*What you are asked to do:*
Output the data below exactly.

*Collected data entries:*
================

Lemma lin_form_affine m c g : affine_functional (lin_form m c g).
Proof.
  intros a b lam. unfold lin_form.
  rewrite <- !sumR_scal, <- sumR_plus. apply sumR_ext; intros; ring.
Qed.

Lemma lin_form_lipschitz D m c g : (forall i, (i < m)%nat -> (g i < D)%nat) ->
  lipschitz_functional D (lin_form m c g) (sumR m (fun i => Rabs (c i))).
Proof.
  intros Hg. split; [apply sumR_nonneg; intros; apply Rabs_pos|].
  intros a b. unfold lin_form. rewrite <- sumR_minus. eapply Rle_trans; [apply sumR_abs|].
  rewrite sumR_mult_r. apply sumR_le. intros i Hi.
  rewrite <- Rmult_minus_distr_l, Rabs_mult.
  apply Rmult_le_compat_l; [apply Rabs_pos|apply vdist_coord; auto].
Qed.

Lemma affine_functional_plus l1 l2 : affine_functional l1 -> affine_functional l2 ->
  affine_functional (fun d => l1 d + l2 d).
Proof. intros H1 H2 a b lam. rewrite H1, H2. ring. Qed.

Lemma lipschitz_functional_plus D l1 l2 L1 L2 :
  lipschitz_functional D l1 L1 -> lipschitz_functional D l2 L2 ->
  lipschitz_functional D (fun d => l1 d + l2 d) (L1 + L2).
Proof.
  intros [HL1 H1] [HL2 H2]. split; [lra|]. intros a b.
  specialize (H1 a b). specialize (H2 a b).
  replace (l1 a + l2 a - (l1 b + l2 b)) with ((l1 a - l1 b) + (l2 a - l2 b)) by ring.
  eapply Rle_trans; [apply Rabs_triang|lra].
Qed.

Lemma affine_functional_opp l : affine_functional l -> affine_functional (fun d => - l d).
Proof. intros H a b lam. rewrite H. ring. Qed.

================

*Exercise result:*
Lemma lin_form_affine m c g : affine_functional (lin_form m c g).
Proof.
  intros a b lam. unfold lin_form.
  rewrite <- !sumR_scal, <- sumR_plus. apply sumR_ext; intros; ring.
Qed.

Lemma lin_form_lipschitz D m c g : (forall i, (i < m)%nat -> (g i < D)%nat) ->
  lipschitz_functional D (lin_form m c g) (sumR m (fun i => Rabs (c i))).
Proof.
  intros Hg. split; [apply sumR_nonneg; intros; apply Rabs_pos|].
  intros a b. unfold lin_form. rewrite <- sumR_minus. eapply Rle_trans; [apply sumR_abs|].
  rewrite sumR_mult_r. apply sumR_le. intros i Hi.
  rewrite <- Rmult_minus_distr_l, Rabs_mult.
  apply Rmult_le_compat_l; [apply Rabs_pos|apply vdist_coord; auto].
Qed.

Lemma affine_functional_plus l1 l2 : affine_functional l1 -> affine_functional l2 ->
  affine_functional (fun d => l1 d + l2 d).
Proof. intros H1 H2 a b lam. rewrite H1, H2. ring. Qed.

Lemma lipschitz_functional_plus D l1 l2 L1 L2 :
  lipschitz_functional D l1 L1 -> lipschitz_functional D l2 L2 ->
  lipschitz_functional D (fun d => l1 d + l2 d) (L1 + L2).
Proof.
  intros [HL1 H1] [HL2 H2]. split; [lra|]. intros a b.
  specialize (H1 a b). specialize (H2 a b).
  replace (l1 a + l2 a - (l1 b + l2 b)) with ((l1 a - l1 b) + (l2 a - l2 b)) by ring.
  eapply Rle_trans; [apply Rabs_triang|lra].
Qed.

Lemma affine_functional_opp l : affine_functional l -> affine_functional (fun d => - l d).
Proof. intros H a b lam. rewrite H. ring. Qed.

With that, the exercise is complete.